About 1797, however, while still working on VALA, Blake radically shifted his views to a belief in a beneficent God, although he maintained his attack against conventional theology and moral codes. THE FOUR ZOAS, MILTON, and JERUSALEM belong to the fourth group, which features a more extensive use of symbols derived from Christianity and a more elaborate view of his theories about reality and knowledge. His theory of salvation through revolt, as well as Orc, its symbol, finally disappears. At the same time Blake more closely identifies his mysticism with art. Instead of creating a new mythology to express his new views, Blake rewrote and patched up the old symbolism, inevitably confusing it still further. He left no fully coherent myth.

MILTON consists of two separate parts, the obscure and shadowy Satan-Palamabron myth, and the descent of Milton into the world to correct his theological errors in PARADISE LOST, such as having regarded Satan as punished by God for his sins. Blake often claimed to have spoken to Milton in visions. Crabb Robinson, an acquaintance of Blake, wrote to Dorothy Wordsworth: “Now, according to Blake, atheism consists in worshipping the natural world, which same natural world, properly speaking, is nothing real but a mere illusion produced by Satan. Milton was for a great part of his life an atheist, and therefore his fatal errors in PARADISE LOST, which he often begged Blake to refute.” MILTON is also noteworthy for the striking lyric with which it begins, “And did those feet in ancient time.”

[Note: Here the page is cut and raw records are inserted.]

(* Let $q_1=\dfrac{\rho\varepsilon}{1-\rho(1-\varepsilon)}$ and $q_2=(1-\varepsilon)^{I-1}$, and let $\bar\varepsilon\in(0,1)$ be the unique value of $\varepsilon$ at which $q_1=q_2$. If $0<\varepsilon<\bar\varepsilon$ then for every information tree $\mathcal T$ and every $p$: $C^p_{\mathcal T}(G)=\Omega$ if $p\le q_1$; $C^p_{\mathcal T}(G)=Y^*$ if $q_1<p\le q_2$; $C^p_{\mathcal T}(G)=\varnothing$ if $p>q_2$.
   Context: Model. Fix an integer $I\ge2$, agents $\mathcal I=\{1,\dots,I\}$, a prior $\rho\in(0,1)$ and a loss probability $\varepsilon\in(0,1)$. A state of nature $\theta\in\{g,b\}$ has $\Pr(\theta=g)=\rho$. A forest $F$ on $\mathcal I$ is a collection of vertex-disjoint undirected trees $T^1,\dots,T^R$ whose vertex sets partition $\mathcal I$; a seeding $s=(s^1,\dots,s^R)$ chooses exactly one vertex $s^r$ of each $T^r$. The pair $\mathcal T=(F,s)$ is an information tree: orient each $T^r$ away from $s^r$ and add a root $0$ (the planner) with an arc $0\to s^r$ for each $r$. If $\theta=b$ no messages are sent. If $\theta=g$ the planner sends a message along each arc $0\to s^r$, and every agent who receives a message forwards it along every arc leaving her. Each transmission along an arc is lost independently with probability $\varepsilon$. Agent $i$ observes only $x_i\in\{y,n\}$ (received / not). $\Omega=\{g,b\}\times\{y,n\}^I$, $\mathbb P_{\mathcal T}$ the induced probability. $G=\{\theta=g\}$, $Y_i=\{x_i=y\}$, $N_i=\Omega\setminus Y_i$, $Y^*=\bigcap_iY_i$. $B^p_i(E)=\{\omega:\mathbb P_{\mathcal T}[E\mid x_i=x_i(\omega)]\ge p\}$, $B^p(E)=\bigcap_iB^p_i(E)$, $B^{p,0}(E)=E$, $B^{p,\ell}(E)=B^p(B^{p,\ell-1}(E))$, $C^p_{\mathcal T}(E)=\bigcap_{\ell\ge1}B^{p,\ell}(E)$. For any seed $1$, $\mathbb P_{\mathcal T}[G\mid N_1]=q_1$ and $\mathbb P_{\mathcal T}[Y^*\mid Y_1]=q_2$; $q_1$ is increasing and $q_2$ decreasing in $\varepsilon$. *)

From HB Require Import structures.
From mathcomp Require Import all_boot all_order all_algebra.
Set Implicit Arguments. Unset Strict Implicit. Unset Printing Implicit Defensive.
Import Order.TTheory GRing.Theory Num.Theory.
Local Open Scope ring_scope.

(* An information tree on agents 'I_I: each agent i has a parent
   [par i] : None = the planner (root 0, i.e. i is a seed), Some j = agent j.
   This is exactly the oriented rooted forest (F, s) plus the root 0. *)
Definition info_tree (I : nat) (par : 'I_I -> option 'I_I) : Prop :=
  forall i : 'I_I, exists k : nat, iter k (fun o => obind par o) (Some i) = None.

(* State space Omega = {g,b} x {y,n}^I ; true = g, true = y (received). *)
Definition Omega (I : nat) := (bool * {ffun 'I_I -> bool})%type.

Section Model.
Variables (R : realFieldType) (I : nat) (rho eps : R) (par : 'I_I -> option 'I_I).

(* did the parent of i receive the message (the planner always "has" it) *)
Definition parent_rec (x : {ffun 'I_I -> bool}) (i : 'I_I) : bool :=
  if par i is Some j then x j else true.

Definition trans (pr xi : bool) : R :=
  if pr then (if xi then 1 - eps else eps) else (if xi then 0 else 1).

Definition weight (w : Omega I) : R :=
  if w.1 then rho * \prod_(i : 'I_I) trans (parent_rec w.2 i) (w.2 i)
  else (1 - rho) * (if [forall i, ~~ w.2 i] then 1 else 0).

Definition Prob (E : {set Omega I}) : R := \sum_(w in E) weight w.

Definition obs (i : 'I_I) (v : bool) : {set Omega I} := [set w : Omega I | w.2 i == v].

Definition cond (E : {set Omega I}) (i : 'I_I) (v : bool) : R :=
  Prob (E :&: obs i v) / Prob (obs i v).

Definition Bi (p : R) (i : 'I_I) (E : {set Omega I}) : {set Omega I} :=
  [set w : Omega I | p <= cond E i (w.2 i)].

Definition Bp (p : R) (E : {set Omega I}) : {set Omega I} :=
  \bigcap_(i : 'I_I) Bi p i E.

Definition Cp (p : R) (E : {set Omega I}) (w : Omega I) : Prop :=
  forall l : nat, w \in iter l.+1 (Bp p) E.

End Model.

Definition Gev (I : nat) : {set Omega I} := [set w : Omega I | w.1].
Definition Ystar (I : nat) : {set Omega I} := [set w : Omega I | [forall i, w.2 i]].

Definition q1 (R : realFieldType) (rho eps : R) : R := rho * eps / (1 - rho * (1 - eps)).
Definition q2 (R : realFieldType) (I : nat) (eps : R) : R := (1 - eps) ^+ I.-1.

From mathcomp Require Import all_boot all_order all_algebra.
From mathcomp Require Import ring lra.
Set Implicit Arguments. Unset Strict Implicit. Unset Printing Implicit Defensive.
Import Order.TTheory GRing.Theory Num.Theory.
Local Open Scope ring_scope.

(* The message process in state g is a Bayesian network on the tree, so agents
   can be summed out leaf by leaf: an agent receives the message with
   probability 1 - eps times the probability that her parent does.  Hence an
   agent who received nothing still believes G with probability at least q1,
   but believes that her parent received the message with probability at most
   q1.  So for p <= q1 every state is common p-belief of G, while for p > q1
   the l-th iterate of p-belief in G forces every agent within distance l of
   the planner to have received the message, which puts common p-belief of G
   inside Y*.  Finally Y* is p-evident iff p <= q2: a receiving seed believes
   Y* with probability exactly q2, any other receiver with a larger one. *)

Section TreeShape.
Variables (I : nat) (par : 'I_I -> option 'I_I).
Hypothesis tree : info_tree par.

Definition up (o : option 'I_I) : option 'I_I := obind par o.

Definition ancestor_closed (U : {set 'I_I}) : Prop :=
  forall i k, i \in U -> par i = Some k -> k \in U.

Definition parent_in (U : {set 'I_I}) (j : 'I_I) : Prop :=
  forall k, par j = Some k -> k \in U.

Lemma iter_up_None n : iter n up None = None.
Proof. by elim: n => //= n ->. Qed.

Lemma iter_up_stop m n (o : option 'I_I) :
  iter m up o = None -> iter (n + m) up o = None.
Proof. by rewrite iterD => ->; apply: iter_up_None. Qed.

Lemma depth_bound : exists L, forall j, iter L up (Some j) = None.
Proof.
have [m hm] := fin_all_exists tree.
exists (\max_j m j) => j; rewrite -(subnK (leq_bigmax j)).
exact: iter_up_stop.
Qed.

(* Walking up from an agent outside [U], the last agent outside [U] before
   reaching [U] or the planner has its parent in [U]. *)
Lemma exists_frontier (U : {set 'I_I}) j0 : j0 \notin U ->
  exists2 j, j \notin U & parent_in U j.
Proof.
move=> j0U; have [m hm] := tree j0.
pose inU n := if iter n up (Some j0) is Some i then i \in U else true.
have [|n inUn minN] := ex_minnP (ex_intro inU m _); first by rewrite /inU hm.
case: n inUn minN => [|n] inUn minN; first by move: inUn; rewrite /inU /= (negbTE j0U).
have : ~~ inU n by apply/negP => /minN; rewrite ltnn.
move: inUn; rewrite /inU iterS; case: (iter n up (Some j0)) => [j|] //= inUn jU.
by exists j => // k pk; move: inUn; rewrite /up /= pk.
Qed.

Lemma exists_seed : (0 < I)%N -> exists s, par s = None.
Proof.
move=> I0; have [s _ hs] := @exists_frontier set0 (Ordinal I0) (negbT (in_set0 _)).
by exists s; case E: (par s) => [k|] //; have := hs k E; rewrite in_set0.
Qed.

Lemma ancestor_closedU1 U j :
  ancestor_closed U -> parent_in U j -> ancestor_closed (j |: U).
Proof.
move=> hU hj i k; rewrite !in_setU1 => /predU1P[->|iU] pk.
  by rewrite hj ?orbT.
by rewrite (hU _ _ iU pk) orbT.
Qed.
Lemma is_pd_inv (k : nat) (F : R3 -> C) (x : R3) (a : C) :
  is_pd k F x a -> F x <> C0 ->
  is_pd k (fun y => Cinv (F y)) x (Copp (Cmult a (Cmult (Cinv (F x)) (Cinv (F x))))).
Proof.
  intros [F1 F2] Hnz.
  assert (Hn : Re (F x) ^ 2 + Im (F x) ^ 2 <> 0).
  { intros E. apply Hnz. destruct (F x) as [p q]. cbn in E. unfold C0, RtoC. f_equal; nra. }
  assert (Hsq := is_derive_plus _ _ _ _ _ (is_derive_pow _ 2 _ _ F1) (is_derive_pow _ 2 _ _ F2)).
  assert (Hsq0 : (fun t => Re (F (shift k x t)) ^ 2 + Im (F (shift k x t)) ^ 2) 0 <> 0)
    by (cbn; rewrite shift_R0; exact Hn).
  split;
    [refine (eq_ind _ (is_derive _ 0) (is_derive_div _ _ _ _ _ F1 Hsq Hsq0) _ _)
    |refine (eq_ind _ (is_derive _ 0)
               (is_derive_div _ _ _ _ _ (is_derive_opp _ _ _ F2) Hsq Hsq0) _ _)];
    cbn; rewrite shift_R0; unfold Re, Im, plus, mult, opp in *; cbn;
    field; contradict Hn; lra.
Qed.

Lemma pd_const (k : nat) (c : C) (x : R3) : pd k (fun _ => c) x = C0.
Proof. apply is_pd_unique, is_pd_const. Qed.

Ltac bq_components :=
  apply injective_projections; [|apply injective_projections; [apply injective_projections|]];
  cbn [fst snd].

Lemma Dop_scalar (s : R3 -> C) (x : R3) : Dop (fun y => qscal (s y)) x = qvec (grad s x).
Proof.
  cbv beta iota zeta delta [Dop pdq qscal qvec grad qmul qadd i1 i2 i3 vzero vadd vscal vdot vcross
    fst snd].
  rewrite !pd_const. unfold C0, Defs.C1. change (fun y => s y) with s. bq_components; ring.
Qed.

Lemma Dop_vector (g1 g2 g3 : R3 -> C) (x : R3) :
  Dop (fun y => qvec (g1 y, g2 y, g3 y)) x =
  (Copp (Cplus (Cplus (pd 1 g1 x) (pd 2 g2 x)) (pd 3 g3 x)),
   (Cminus (pd 2 g3 x) (pd 3 g2 x), Cminus (pd 3 g1 x) (pd 1 g3 x),
    Cminus (pd 1 g2 x) (pd 2 g1 x))).
Proof.
  cbv beta iota zeta delta [Dop pdq qvec qmul qadd i1 i2 i3 vzero vadd vscal vdot vcross fst snd].
  rewrite !pd_const. unfold C0, Defs.C1.
  change (fun y => g1 y) with g1; change (fun y => g2 y) with g2; change (fun y => g3 y) with g3.
  bq_components; ring.
Qed.

Definition covariant_pd (phi psi : R3 -> C) (j : nat) (y : R3) : C :=
  Cminus (pd j psi y) (Cmult (psi y) (Cmult (Cinv (phi y)) (pd j phi y))).

Lemma pd_covariant_pd (Om : R3 -> Prop) (phi psi : R3 -> C) (x : R3) (j k : nat) :
  twice_diff_on Om phi -> twice_diff_on Om psi -> Om x -> phi x <> C0 -> (1 <= j <= 3)%nat ->
  pd k (covariant_pd phi psi j) x =
  Cminus (pd k (pd j psi) x)
    (Cplus (Cmult (pd k psi x) (Cmult (Cinv (phi x)) (pd j phi x)))
       (Cmult (psi x)
          (Cplus (Cmult (Copp (Cmult (pd k phi x) (Cmult (Cinv (phi x)) (Cinv (phi x)))))
                    (pd j phi x))
                 (Cmult (Cinv (phi x)) (pd k (pd j phi) x))))).
Proof.
  intros Hphi Hpsi Hx Hnz Hj.
  destruct (Hphi x Hx) as [Hphi1 Hphi2]. destruct (Hpsi x Hx) as [Hpsi1 Hpsi2].
  apply is_pd_unique, is_pd_minus; [apply is_pd_pd, Hpsi2, Hj|].
  apply is_pd_mult; [apply is_pd_pd, Hpsi1|].
  apply is_pd_mult; [apply is_pd_inv; [apply is_pd_pd, Hphi1|exact Hnz]|].
  apply is_pd_pd, Hphi2, Hj.
Qed.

JERUSALEM deals with Albion’s (man’s) conquest of error on earth and with his return to Eternity. It celebrates the law of Forgiveness of Sins. The text as we have it is obscured by many revisions, but in 1809 the poet published a clear description of its theme: “(The Strong Man, the Beautiful Man, and the Ugly Man) were originally one man who was fourfold; he was self-divided, and his real humanity slain on the stems of generation, and the form of the fourth was like the Son of God . . . it is voluminous, and contains the ancient history of Britain and the world of Satan and of Adam.”